President Theodore Roosevelt, A.B. 1880, in town to see his son, Theodore Jr. ’09, inducted into the Porcellian Club, addresses 2,000 students and alumni at the Harvard Union. “Harvard must do more than produce students,” he tells them. “The college man, the man of intellect and training, should take the lead in every fight for civic and social righteousness.”
Acknowledging the geographical dispersion of Harvard men, the Board of Overseers and the Corporation agree that henceforth Overseers and Alumni Association directors will be elected by postal ballot rather than by vote of those alumni present on Commencement day.
After conducting the physical examinations of the freshman class, Dr. Alfred Worcester, Henry K. Oliver Professor of Hygiene, reports that “smoking is a habit with 294 freshmen, 11 are color blind, 91 cannot swim, 297 wear glasses, 77 have lost their appendixes, 21 their adenoids, and 32 have never been vaccinated.”

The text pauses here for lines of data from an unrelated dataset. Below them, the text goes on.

(* Let $D$ be a connected locally finite C-homogeneous digraph. Then for every vertex $x\in VD$, neither the subdigraph induced by $N^+(x)$ nor the subdigraph induced by $N^-(x)$ is isomorphic to $H$.
   Context: A digraph has an irreflexive, antisymmetric edge relation; connectedness and local finiteness refer to the underlying undirected graph. $D$ is C-homogeneous if every isomorphism between finite connected induced subdigraphs extends to an automorphism of $D$. $N^+(x)=\{y: xy\in ED\}$, $N^-(x)=\{y: yx\in ED\}$. A digraph is homogeneous if every isomorphism between finite induced subdigraphs extends to an automorphism. By Lachlan's classification, a finite digraph is homogeneous iff it is isomorphic to the directed 4-cycle $C_4$, to $\bar K_n$ (no edges, $n$ vertices), $\bar K_n[C_3]$, $C_3[\bar K_n]$ ($n\ge 1$, lexicographic products with the directed triangle $C_3$), or to one further exceptional digraph; $H$ denotes this exceptional finite homogeneous digraph. *)

From Stdlib Require Import List Relations.
Import ListNotations.

Definition is_digraph {V : Type} (E : V -> V -> Prop) : Prop :=
  (forall x, ~ E x x) /\ (forall x y, E x y -> ~ E y x).

Definition adj {V : Type} (E : V -> V -> Prop) (x y : V) : Prop := E x y \/ E y x.

Definition connected_on {V : Type} (E : V -> V -> Prop) (A : V -> Prop) : Prop :=
  forall x y, A x -> A y ->
    clos_refl_trans V (fun a b => A a /\ A b /\ adj E a b) x y.

Definition connected {V : Type} (E : V -> V -> Prop) : Prop :=
  connected_on E (fun _ => True).

Definition locally_finite {V : Type} (E : V -> V -> Prop) : Prop :=
  forall x, exists l : list V, forall y, adj E x y -> In y l.

Definition finite_set {V : Type} (A : V -> Prop) : Prop :=
  exists l : list V, forall x, A x -> In x l.

Definition induced_iso {V : Type} (E : V -> V -> Prop) (A B : V -> Prop) (f : V -> V) : Prop :=
  (forall x, A x -> B (f x)) /\
  (forall x y, A x -> A y -> f x = f y -> x = y) /\
  (forall y, B y -> exists x, A x /\ f x = y) /\
  (forall x y, A x -> A y -> (E x y <-> E (f x) (f y))).

Definition automorphism {V : Type} (E : V -> V -> Prop) (g : V -> V) : Prop :=
  (exists h : V -> V, (forall x, h (g x) = x) /\ (forall y, g (h y) = y)) /\
  (forall x y, E x y <-> E (g x) (g y)).
(* Let $\Gamma$ be a distance-regular graph with valency $k\geq 3$, diameter $D\geq 3$, intersection numbers $a_i,b_i,c_i$, and distinct eigenvalues $k=\theta_0>\theta_1>\cdots>\theta_D$. Then: (i) $\theta_D < \frac{a_1-\sqrt{a_1^2+4k}}{2}$; (ii) $\theta_1 \geq \min\left\{\frac{a_1+\sqrt{a_1^2+4k}}{2},\, a_3\right\}$; (iii) if $D\geq 4$, then $\theta_1\geq \frac{a_1+\sqrt{a_1^2+4k}}{2}$.
   Context: All graphs are finite, simple, undirected and connected. For vertices $x,y$, $d(x,y)$ is the graph distance, $D=\max d(x,y)$ is the diameter, and $\Gamma_i(x)$ is the set of vertices at distance exactly $i$ from $x$. $\Gamma$ is distance-regular if there are integers $b_i,c_i$ such that for all $x,y$ with $d(x,y)=i$, $y$ has exactly $c_i$ neighbours in $\Gamma_{i-1}(x)$ and exactly $b_i$ neighbours in $\Gamma_{i+1}(x)$; then $\Gamma$ is regular of valency $k=b_0$, and $a_i:=k-b_i-c_i$ (the number of neighbours of $y$ in $\Gamma_i(x)$). The eigenvalues of $\Gamma$ are those of its adjacency matrix; a distance-regular graph of diameter $D$ has exactly $D+1$ distinct eigenvalues. *)

From HB Require Import structures.
From mathcomp Require Import all_boot all_order all_algebra.
Set Implicit Arguments. Unset Strict Implicit. Unset Printing Implicit Defensive.
Import Order.TTheory GRing.Theory Num.Theory.

Section Graphs.
Variable T : finType.
Variable e : rel T.

Fixpoint reach (n : nat) (x y : T) : bool :=
  match n with
  | 0 => x == y
  | n'.+1 => reach n' x y || [exists z, reach n' x z && e z y]
  end.

(* graph distance d(x,y) = least n with a walk of length <= n
   (for connected graphs, d(x,y) < #|T|) *)
Definition gdist (x y : T) : nat := find (fun n => reach n x y) (iota 0 #|T|).

Definition diameter : nat := \max_(x : T) \max_(y : T) gdist x y.

Definition simple_connected_graph : Prop :=
  symmetric e /\ irreflexive e /\ (forall x y : T, connect e x y).

Definition distance_regular (b c : nat -> nat) : Prop :=
  forall x y : T,
    #|[set z | e y z && ((gdist x z).+1 == gdist x y)]| = c (gdist x y) /\
    #|[set z | e y z && (gdist x z == (gdist x y).+1)]| = b (gdist x y).

Definition adjmx (R : nzRingType) : 'M[R]_#|T| :=
  \matrix_(i, j) ((e (enum_val i) (enum_val j))%:R)%R.

End Graphs.

(* valency k = b_0 and a_i = k - b_i - c_i *)
Definition inter_a (b c : nat -> nat) (i : nat) : nat := b 0 - b i - c i.

From HB Require Import structures.
From mathcomp Require Import all_boot all_order all_algebra.
From mathcomp Require Import complex.
From mathcomp Require Import zify ring lra.
Set Implicit Arguments. Unset Strict Implicit. Unset Printing Implicit Defensive.
Import Order.TTheory GRing.Theory Num.Theory.

(* For [r] a root of [X^2 - a1 X - k], the
   vector [f = (k / r) e_x + (sum of e_y, y ~ x)] satisfies [f^T A f = r f^T f],
   because every neighbour of [x] has exactly [a1] neighbours adjacent to [x].
   (i) For the negative root, perturbing [f] at a vertex at distance 2 from [x]
   pushes its Rayleigh quotient below [r], so the least eigenvalue is [< r].
   For the positive root, the vectors of two vertices at distance >= 4 (iii),
   and [f] together with the indicator of [Gamma_3(x)], whose quotient is [a3]
   (ii), have non-adjacent supports.  A combination of two such vectors with
   zero sum is orthogonal to the constant Perron eigenvector, so its Rayleigh
   quotient, at least the smaller of the two quotients, is at most [theta_1]. *)

Section Distance.
Variables (T : finType) (e : rel T).
Hypothesis sym_e : symmetric e.
Hypothesis irr_e : irreflexive e.
Hypothesis conn_e : forall x y : T, connect e x y.

Lemma reachS n x y :
  reach e n.+1 x y = reach e n x y || [exists z, reach e n x z && e z y].
Proof. by []. Qed.

Lemma reach_mono n m x y : n <= m -> reach e n x y -> reach e m x y.
Proof. by move=> /subnK <-; elim: (m - n) => // p IH /IH; rewrite addSn reachS => ->. Qed.

Lemma reach_rcons n x y z : reach e n x y -> e y z -> reach e n.+1 x z.
Proof. by move=> rxy eyz; rewrite reachS; apply/orP; right; apply/existsP; exists y; rewrite rxy. Qed.

Lemma reach_cons n x y w : e x y -> reach e n y w -> reach e n.+1 x w.
Proof.
move=> exy; elim: n w => [|n IH] w.
  by move=> /eqP <-; rewrite reachS; apply/orP; right; apply/existsP; exists x; rewrite /= eqxx.
rewrite reachS => /orP[/IH ryw|/existsP[z /andP[/IH rxz ezw]]]; first by rewrite reachS ryw.
by rewrite reachS; apply/orP; right; apply/existsP; exists z; rewrite rxz.
Qed.

Lemma reach_path p x : path e x p -> reach e (size p) x (last x p).
Proof. by elim: p x => [|y p IH] x //= /andP[exy /IH]; apply: reach_cons. Qed.

Lemma reach_card x y : reach e #|T|.-1 x y.
Proof.
have /connectP [p pth ->] := conn_e x y.
case/shortenP: pth => p' pth' uniq_p' _.
apply: reach_mono (reach_path pth').
by have := max_card (mem (x :: p')); rewrite (card_uniqP uniq_p') /=; lia.
Qed.

Lemma gdist_leE x y m : (gdist e x y <= m) = reach e m x y.
Proof.
have T0 : 0 < #|T| by apply/card_gt0P; exists x.
have has_reach : has (fun n => reach e n x y) (iota 0 #|T|).
  by apply/hasP; exists #|T|.-1; rewrite ?mem_iota ?reach_card //; lia.
have lt_card : gdist e x y < #|T|.
  by rewrite -[X in _ < X](size_iota 0) -has_find.
have reach_gdist : reach e (gdist e x y) x y.
  by have := nth_find 0 has_reach; rewrite nth_iota.
apply/idP/idP => [le_m|]; first exact: reach_mono reach_gdist.
rewrite leqNgt; apply: contraL => lt_m.
by have := before_find 0 lt_m; rewrite nth_iota ?add0n // => [->|]; last lia.
Qed.

Lemma gdist_xx x : gdist e x x = 0.
Proof. by apply/eqP; rewrite -leqn0 gdist_leE /=. Qed.

Lemma gdist_eq0 x y : (gdist e x y == 0) = (x == y).
Proof. by rewrite -leqn0 gdist_leE. Qed.

Lemma gdist_edge x y z : e y z -> gdist e x z <= (gdist e x y).+1.
Proof. by move=> eyz; rewrite gdist_leE; apply: reach_rcons eyz; rewrite -gdist_leE. Qed.

Lemma gdist_edge_sym x y z : e y z -> gdist e x y <= (gdist e x z).+1.
Proof. by rewrite sym_e; apply: gdist_edge. Qed.

Lemma gdist_eq1 x y : (gdist e x y == 1) = e x y.
Proof.
apply/idP/idP => [/eqP d1|exy].
  have : gdist e x y <= 1 by rewrite d1.
  rewrite gdist_leE /= => /orP[/eqP xy|/existsP[z /andP[/eqP <- //]]].
  by move: d1; rewrite xy gdist_xx.
have := gdist_edge x exy; rewrite gdist_xx eqn_leq => -> /=.
rewrite lt0n gdist_eq0; apply: contraTneq exy => ->; by rewrite irr_e.
Qed.

Lemma gdist_le1_triangle x y v : gdist e y v <= 1 -> gdist e x y <= (gdist e x v).+1.
Proof.
rewrite leq_eqVlt ltnS leqn0 gdist_eq0 gdist_eq1 => /orP[eyv|/eqP <-].
  exact: gdist_edge_sym.
exact: leqnSn.
Qed.

Lemma gdist_pred x y i : gdist e x y = i.+1 -> exists2 z, e z y & gdist e x z = i.
Proof.
move=> dxy; have : reach e i.+1 x y by rewrite -gdist_leE dxy.
rewrite reachS => /orP[|/existsP[z /andP[rxz ezy]]].
  by rewrite -gdist_leE dxy ltnn.
exists z => //; apply/eqP; rewrite eqn_leq gdist_leE rxz /=.
by have := gdist_edge x ezy; rewrite dxy.
Qed.

Lemma gdist_intermediate x y j : j <= gdist e x y -> exists z, gdist e x z = j.
Proof.
move=> /subnK; move: (gdist e x y - j) => m; elim: m y => [|m IH] y dxy.
  by exists y.
by have [z _ /esym /IH] := gdist_pred (esym dxy : gdist e x y = (m + j).+1).
Qed.

Lemma diameter_attained : (0 < diameter e)%N -> exists x y, gdist e x y = diameter e.
Proof.
case: (pickP (@predT T)) => [x0 _|T0]; last by rewrite /diameter big_pred0.
have T0 : 0 < #|T| by apply/card_gt0P; exists x0.
rewrite /diameter; have [x ->] := bigop.eq_bigmax (fun x => \max_y gdist e x y) T0.
by have [y ->] := bigop.eq_bigmax (fun y => gdist e x y) T0; exists x, y.
Qed.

At a Harvard Club of Boston colloquium titled “What is the Sub-Freshman Thinking About?” the principal of Phillips Exeter Academy reports that many high-school seniors and college freshman alike answer, “with surprising frankness, ‘Why…most of us are not thinking at all.’”
Dean of the Divinity School Willard L. Sperry reports that attendance at Memorial Church’s morning prayers has dropped drastically with the recent move of undergraduates to the Houses. Bulletin editors note, “It was just fifty years ago that Harvard abandoned the rule requiring attendance at morning prayers. Probably very few of those who objected to the change would go back to the old order even if they could.”
As of January 12, the Faculty extends upperclassmen’s Saturday night curfew to midnight and the freshmen’s curfew to 8 p.m.
After 104 years, The Harvard Crimson elects Gay W. Seidman ’78 as its first woman president.